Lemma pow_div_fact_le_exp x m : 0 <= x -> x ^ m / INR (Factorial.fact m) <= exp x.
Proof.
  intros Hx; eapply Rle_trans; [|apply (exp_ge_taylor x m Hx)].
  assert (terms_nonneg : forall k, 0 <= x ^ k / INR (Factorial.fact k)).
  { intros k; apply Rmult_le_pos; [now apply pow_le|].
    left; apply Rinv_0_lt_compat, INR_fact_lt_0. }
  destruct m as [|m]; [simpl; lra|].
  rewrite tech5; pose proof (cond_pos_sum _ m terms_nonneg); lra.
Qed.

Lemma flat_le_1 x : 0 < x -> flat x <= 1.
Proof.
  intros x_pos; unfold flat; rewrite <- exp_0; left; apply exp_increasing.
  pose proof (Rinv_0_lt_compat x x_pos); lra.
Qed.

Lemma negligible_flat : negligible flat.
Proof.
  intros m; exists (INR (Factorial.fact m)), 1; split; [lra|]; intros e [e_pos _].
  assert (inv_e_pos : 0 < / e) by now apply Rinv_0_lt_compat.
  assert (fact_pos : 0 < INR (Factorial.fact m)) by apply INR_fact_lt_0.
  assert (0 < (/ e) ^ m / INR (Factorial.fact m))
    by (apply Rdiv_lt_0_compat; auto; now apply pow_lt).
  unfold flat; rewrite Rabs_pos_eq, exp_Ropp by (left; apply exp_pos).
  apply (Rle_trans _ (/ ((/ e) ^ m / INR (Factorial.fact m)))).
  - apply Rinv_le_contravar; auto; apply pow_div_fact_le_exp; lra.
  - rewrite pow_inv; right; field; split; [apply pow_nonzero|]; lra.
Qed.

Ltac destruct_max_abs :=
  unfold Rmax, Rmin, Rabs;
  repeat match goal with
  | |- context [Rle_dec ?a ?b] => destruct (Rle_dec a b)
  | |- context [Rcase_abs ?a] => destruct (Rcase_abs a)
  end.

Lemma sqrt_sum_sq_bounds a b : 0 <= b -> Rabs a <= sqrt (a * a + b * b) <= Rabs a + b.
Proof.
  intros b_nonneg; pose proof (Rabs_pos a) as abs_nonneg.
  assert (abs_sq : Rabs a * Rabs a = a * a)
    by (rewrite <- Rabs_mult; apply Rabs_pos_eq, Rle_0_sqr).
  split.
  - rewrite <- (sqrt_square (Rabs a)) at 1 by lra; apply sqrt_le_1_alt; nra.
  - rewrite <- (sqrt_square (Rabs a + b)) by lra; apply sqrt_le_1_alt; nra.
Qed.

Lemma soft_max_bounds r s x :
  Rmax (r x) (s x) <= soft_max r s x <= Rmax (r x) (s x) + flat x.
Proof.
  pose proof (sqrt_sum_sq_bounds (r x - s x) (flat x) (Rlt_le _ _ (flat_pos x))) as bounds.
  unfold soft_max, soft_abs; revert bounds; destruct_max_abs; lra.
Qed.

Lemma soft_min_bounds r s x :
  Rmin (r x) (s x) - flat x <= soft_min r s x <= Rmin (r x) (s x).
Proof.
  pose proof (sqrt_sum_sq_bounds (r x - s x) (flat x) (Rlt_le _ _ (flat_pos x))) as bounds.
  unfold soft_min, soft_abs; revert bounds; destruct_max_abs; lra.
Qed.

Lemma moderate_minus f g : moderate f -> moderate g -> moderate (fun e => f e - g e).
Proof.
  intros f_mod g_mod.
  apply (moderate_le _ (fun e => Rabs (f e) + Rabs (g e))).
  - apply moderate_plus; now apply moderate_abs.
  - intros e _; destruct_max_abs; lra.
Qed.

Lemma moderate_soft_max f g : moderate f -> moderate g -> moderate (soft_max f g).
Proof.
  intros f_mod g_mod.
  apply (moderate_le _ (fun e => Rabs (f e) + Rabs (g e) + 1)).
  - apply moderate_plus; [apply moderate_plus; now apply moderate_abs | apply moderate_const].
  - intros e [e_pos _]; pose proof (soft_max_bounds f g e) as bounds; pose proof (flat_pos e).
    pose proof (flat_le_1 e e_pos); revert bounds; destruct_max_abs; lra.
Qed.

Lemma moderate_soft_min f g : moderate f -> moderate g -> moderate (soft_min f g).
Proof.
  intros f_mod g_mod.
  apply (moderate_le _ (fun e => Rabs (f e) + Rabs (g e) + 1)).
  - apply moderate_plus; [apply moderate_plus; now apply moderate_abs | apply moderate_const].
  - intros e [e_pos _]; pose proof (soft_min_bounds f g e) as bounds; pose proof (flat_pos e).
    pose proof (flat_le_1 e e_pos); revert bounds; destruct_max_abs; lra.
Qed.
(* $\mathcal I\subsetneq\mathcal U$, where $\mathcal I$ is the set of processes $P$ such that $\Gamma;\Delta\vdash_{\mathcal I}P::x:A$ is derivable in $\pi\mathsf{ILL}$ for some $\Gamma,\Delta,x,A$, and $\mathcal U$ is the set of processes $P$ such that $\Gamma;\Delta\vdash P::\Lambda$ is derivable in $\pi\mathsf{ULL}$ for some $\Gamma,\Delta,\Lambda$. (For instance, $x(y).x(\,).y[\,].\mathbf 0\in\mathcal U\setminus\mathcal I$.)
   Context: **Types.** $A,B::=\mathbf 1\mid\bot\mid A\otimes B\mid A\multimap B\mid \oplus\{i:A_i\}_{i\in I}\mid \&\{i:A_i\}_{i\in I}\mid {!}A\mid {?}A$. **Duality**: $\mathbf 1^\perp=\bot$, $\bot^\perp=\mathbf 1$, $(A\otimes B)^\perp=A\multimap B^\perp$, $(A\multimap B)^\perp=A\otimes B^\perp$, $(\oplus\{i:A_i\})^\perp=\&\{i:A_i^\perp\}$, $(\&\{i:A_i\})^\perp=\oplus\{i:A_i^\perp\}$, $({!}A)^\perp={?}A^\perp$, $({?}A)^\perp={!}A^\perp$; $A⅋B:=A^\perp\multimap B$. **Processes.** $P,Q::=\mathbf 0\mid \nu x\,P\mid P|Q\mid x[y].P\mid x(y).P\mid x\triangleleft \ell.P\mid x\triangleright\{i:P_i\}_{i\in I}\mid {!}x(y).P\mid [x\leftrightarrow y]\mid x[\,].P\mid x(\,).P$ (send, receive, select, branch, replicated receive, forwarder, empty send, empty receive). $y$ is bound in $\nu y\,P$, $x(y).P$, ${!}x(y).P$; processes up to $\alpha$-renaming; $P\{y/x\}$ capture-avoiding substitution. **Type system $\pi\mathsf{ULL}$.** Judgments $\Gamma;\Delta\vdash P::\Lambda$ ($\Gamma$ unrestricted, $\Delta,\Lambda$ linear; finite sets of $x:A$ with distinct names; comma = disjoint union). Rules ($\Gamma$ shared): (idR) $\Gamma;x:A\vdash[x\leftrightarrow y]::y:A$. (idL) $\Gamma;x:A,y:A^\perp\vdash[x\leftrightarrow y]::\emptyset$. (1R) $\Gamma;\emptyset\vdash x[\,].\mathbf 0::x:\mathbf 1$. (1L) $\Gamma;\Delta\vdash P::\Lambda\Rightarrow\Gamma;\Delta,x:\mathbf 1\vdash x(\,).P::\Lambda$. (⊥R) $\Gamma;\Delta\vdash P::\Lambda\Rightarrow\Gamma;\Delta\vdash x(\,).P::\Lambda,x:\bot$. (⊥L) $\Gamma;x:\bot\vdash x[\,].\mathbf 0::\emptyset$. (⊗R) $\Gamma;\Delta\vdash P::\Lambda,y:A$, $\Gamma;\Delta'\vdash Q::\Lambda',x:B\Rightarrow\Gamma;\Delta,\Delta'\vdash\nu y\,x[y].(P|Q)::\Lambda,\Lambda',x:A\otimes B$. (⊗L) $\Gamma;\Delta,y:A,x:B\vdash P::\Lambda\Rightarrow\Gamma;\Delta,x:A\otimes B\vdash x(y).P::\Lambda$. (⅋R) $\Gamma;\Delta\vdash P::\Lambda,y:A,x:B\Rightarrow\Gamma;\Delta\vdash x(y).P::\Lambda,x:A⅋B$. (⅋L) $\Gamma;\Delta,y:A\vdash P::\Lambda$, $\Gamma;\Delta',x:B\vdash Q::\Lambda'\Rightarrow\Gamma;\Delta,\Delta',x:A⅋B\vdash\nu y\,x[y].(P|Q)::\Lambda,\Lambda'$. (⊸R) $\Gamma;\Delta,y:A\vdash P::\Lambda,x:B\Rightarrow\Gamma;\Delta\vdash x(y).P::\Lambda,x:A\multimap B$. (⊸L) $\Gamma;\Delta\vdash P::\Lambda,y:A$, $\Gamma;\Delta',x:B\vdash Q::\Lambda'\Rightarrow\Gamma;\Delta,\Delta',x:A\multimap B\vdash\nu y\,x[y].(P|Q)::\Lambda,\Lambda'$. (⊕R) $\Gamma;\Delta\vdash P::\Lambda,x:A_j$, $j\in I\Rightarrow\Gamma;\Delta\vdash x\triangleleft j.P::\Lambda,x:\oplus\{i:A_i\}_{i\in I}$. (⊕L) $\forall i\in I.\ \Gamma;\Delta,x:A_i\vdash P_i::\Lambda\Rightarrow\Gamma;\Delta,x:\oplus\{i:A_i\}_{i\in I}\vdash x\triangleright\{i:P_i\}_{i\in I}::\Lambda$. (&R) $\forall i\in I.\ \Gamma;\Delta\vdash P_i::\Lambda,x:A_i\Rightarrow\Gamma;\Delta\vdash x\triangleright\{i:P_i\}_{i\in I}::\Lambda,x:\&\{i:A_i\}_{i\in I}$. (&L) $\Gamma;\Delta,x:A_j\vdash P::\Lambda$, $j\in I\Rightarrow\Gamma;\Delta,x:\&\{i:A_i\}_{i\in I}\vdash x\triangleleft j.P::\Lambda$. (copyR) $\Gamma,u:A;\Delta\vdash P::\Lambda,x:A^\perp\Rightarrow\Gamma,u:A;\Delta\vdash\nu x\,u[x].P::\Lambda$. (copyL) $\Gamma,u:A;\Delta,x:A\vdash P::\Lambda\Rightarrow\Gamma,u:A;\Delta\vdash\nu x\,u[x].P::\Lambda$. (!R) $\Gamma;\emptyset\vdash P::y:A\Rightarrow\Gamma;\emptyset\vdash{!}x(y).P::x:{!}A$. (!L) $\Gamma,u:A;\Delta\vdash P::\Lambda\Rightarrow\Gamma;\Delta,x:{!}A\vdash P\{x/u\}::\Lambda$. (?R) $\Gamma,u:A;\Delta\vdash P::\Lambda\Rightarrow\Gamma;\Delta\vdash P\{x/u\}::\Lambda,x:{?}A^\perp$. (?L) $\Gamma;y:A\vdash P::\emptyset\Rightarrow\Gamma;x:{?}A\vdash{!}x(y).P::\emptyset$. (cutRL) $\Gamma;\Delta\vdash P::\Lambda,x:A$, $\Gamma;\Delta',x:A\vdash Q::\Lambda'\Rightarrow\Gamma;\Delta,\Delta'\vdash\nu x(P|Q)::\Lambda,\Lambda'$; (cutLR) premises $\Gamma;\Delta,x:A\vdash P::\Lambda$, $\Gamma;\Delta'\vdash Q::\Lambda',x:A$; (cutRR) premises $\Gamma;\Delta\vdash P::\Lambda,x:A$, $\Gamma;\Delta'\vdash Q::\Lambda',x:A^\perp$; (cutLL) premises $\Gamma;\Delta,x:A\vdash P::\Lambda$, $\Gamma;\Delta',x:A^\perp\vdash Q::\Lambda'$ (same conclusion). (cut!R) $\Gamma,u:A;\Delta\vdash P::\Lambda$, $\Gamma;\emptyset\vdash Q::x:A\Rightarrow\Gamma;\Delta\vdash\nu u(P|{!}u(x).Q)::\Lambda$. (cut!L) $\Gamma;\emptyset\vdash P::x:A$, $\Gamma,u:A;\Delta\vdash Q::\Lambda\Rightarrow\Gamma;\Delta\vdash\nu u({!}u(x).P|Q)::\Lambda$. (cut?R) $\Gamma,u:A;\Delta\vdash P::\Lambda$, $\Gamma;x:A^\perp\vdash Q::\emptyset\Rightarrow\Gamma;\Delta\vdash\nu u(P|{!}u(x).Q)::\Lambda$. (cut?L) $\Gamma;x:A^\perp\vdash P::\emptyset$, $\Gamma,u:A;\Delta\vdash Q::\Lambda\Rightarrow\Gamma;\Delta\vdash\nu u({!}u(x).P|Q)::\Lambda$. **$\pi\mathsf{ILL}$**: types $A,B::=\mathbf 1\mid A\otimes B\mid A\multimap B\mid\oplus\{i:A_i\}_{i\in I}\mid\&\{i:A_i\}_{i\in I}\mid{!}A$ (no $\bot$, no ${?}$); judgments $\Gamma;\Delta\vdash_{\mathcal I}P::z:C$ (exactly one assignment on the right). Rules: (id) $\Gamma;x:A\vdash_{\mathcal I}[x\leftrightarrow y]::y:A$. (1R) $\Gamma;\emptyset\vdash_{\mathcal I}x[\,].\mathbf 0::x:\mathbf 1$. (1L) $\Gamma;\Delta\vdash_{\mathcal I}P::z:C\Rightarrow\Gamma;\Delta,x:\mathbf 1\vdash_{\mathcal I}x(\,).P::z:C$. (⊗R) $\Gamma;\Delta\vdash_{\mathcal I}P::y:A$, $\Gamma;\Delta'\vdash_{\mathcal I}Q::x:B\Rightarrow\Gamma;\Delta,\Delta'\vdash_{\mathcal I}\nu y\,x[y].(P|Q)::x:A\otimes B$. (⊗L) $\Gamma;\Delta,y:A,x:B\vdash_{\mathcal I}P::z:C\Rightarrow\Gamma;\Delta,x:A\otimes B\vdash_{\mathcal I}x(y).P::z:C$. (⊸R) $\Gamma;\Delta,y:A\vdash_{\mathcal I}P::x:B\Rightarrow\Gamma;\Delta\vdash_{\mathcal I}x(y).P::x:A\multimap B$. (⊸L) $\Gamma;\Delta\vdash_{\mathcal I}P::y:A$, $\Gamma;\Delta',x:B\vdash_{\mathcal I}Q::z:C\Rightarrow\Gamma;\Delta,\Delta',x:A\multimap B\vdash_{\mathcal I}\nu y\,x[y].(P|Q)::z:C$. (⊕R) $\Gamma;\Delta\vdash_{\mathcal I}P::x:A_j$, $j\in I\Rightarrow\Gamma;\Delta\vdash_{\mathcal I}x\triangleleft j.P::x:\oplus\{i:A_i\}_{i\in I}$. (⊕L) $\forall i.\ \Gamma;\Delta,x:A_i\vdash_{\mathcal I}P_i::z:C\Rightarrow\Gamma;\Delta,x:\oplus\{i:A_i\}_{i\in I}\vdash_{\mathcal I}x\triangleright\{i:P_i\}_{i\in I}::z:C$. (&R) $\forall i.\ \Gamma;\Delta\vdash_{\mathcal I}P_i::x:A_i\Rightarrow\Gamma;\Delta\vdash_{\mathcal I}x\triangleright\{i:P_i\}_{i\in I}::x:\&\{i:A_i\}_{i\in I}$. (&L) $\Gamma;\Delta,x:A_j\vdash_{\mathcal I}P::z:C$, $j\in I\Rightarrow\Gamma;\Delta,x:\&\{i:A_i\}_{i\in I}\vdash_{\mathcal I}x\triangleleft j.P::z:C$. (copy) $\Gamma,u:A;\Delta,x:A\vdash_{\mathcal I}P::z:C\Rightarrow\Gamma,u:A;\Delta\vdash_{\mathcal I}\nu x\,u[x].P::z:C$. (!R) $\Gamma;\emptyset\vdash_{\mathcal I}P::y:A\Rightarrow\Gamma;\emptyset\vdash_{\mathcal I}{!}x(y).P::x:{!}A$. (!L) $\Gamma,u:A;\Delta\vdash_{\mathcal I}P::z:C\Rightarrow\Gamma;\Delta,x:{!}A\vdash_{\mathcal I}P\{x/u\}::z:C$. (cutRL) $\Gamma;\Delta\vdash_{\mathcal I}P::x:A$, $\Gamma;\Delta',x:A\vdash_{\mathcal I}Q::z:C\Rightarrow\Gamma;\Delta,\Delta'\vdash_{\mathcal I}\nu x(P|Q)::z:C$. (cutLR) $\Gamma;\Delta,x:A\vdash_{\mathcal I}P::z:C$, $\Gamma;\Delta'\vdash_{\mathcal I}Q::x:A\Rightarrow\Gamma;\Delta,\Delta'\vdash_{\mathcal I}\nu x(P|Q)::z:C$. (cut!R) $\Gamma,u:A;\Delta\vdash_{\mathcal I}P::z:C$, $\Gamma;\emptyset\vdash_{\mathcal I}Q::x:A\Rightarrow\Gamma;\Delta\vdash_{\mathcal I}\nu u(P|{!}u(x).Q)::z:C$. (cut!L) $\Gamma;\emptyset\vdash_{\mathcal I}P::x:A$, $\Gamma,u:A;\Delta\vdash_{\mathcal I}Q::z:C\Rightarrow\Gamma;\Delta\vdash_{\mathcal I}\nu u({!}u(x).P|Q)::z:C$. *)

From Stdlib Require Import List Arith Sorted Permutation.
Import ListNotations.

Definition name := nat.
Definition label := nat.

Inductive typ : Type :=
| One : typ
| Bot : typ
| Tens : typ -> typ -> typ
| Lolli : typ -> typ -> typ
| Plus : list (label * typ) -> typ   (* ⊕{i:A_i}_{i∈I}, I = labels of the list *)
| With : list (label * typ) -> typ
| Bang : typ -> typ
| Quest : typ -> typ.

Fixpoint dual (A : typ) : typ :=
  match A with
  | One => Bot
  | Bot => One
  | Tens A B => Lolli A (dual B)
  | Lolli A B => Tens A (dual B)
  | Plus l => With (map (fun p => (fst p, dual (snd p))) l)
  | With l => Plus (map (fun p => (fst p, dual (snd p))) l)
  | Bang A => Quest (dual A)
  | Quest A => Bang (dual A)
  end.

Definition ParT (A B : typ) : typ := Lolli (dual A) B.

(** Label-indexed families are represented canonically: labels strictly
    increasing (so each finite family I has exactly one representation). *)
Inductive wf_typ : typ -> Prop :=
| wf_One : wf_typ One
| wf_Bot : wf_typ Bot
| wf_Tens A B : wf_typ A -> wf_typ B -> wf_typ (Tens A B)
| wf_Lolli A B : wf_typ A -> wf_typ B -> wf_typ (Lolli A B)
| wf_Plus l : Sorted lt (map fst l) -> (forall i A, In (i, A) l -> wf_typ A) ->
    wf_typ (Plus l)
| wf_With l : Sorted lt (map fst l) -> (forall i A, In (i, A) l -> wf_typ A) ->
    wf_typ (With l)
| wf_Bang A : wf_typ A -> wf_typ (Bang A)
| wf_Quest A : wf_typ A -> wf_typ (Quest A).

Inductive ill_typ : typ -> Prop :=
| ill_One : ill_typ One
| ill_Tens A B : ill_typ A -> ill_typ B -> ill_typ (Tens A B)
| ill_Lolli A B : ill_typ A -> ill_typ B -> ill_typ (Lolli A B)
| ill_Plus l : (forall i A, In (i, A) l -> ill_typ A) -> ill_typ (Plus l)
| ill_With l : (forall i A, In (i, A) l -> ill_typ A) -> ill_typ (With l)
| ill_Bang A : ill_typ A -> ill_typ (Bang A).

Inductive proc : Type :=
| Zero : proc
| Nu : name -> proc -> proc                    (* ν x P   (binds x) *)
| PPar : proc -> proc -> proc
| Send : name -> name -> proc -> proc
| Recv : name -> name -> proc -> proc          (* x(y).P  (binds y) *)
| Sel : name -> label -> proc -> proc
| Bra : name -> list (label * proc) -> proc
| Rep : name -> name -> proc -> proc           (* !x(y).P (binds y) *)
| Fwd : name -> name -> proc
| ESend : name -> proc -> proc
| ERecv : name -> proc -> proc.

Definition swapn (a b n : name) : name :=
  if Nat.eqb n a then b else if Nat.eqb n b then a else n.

○ ○ ○ ○ ○

Activity:
Proceeding from the line containing "wf_Bot : wf_typ Bot" through the line containing "wf_typ (Plus l)", transcribe the lines above exactly, both end lines included.

Answer to this exercise:
| wf_Bot : wf_typ Bot
| wf_Tens A B : wf_typ A -> wf_typ B -> wf_typ (Tens A B)
| wf_Lolli A B : wf_typ A -> wf_typ B -> wf_typ (Lolli A B)
| wf_Plus l : Sorted lt (map fst l) -> (forall i A, In (i, A) l -> wf_typ A) ->
    wf_typ (Plus l)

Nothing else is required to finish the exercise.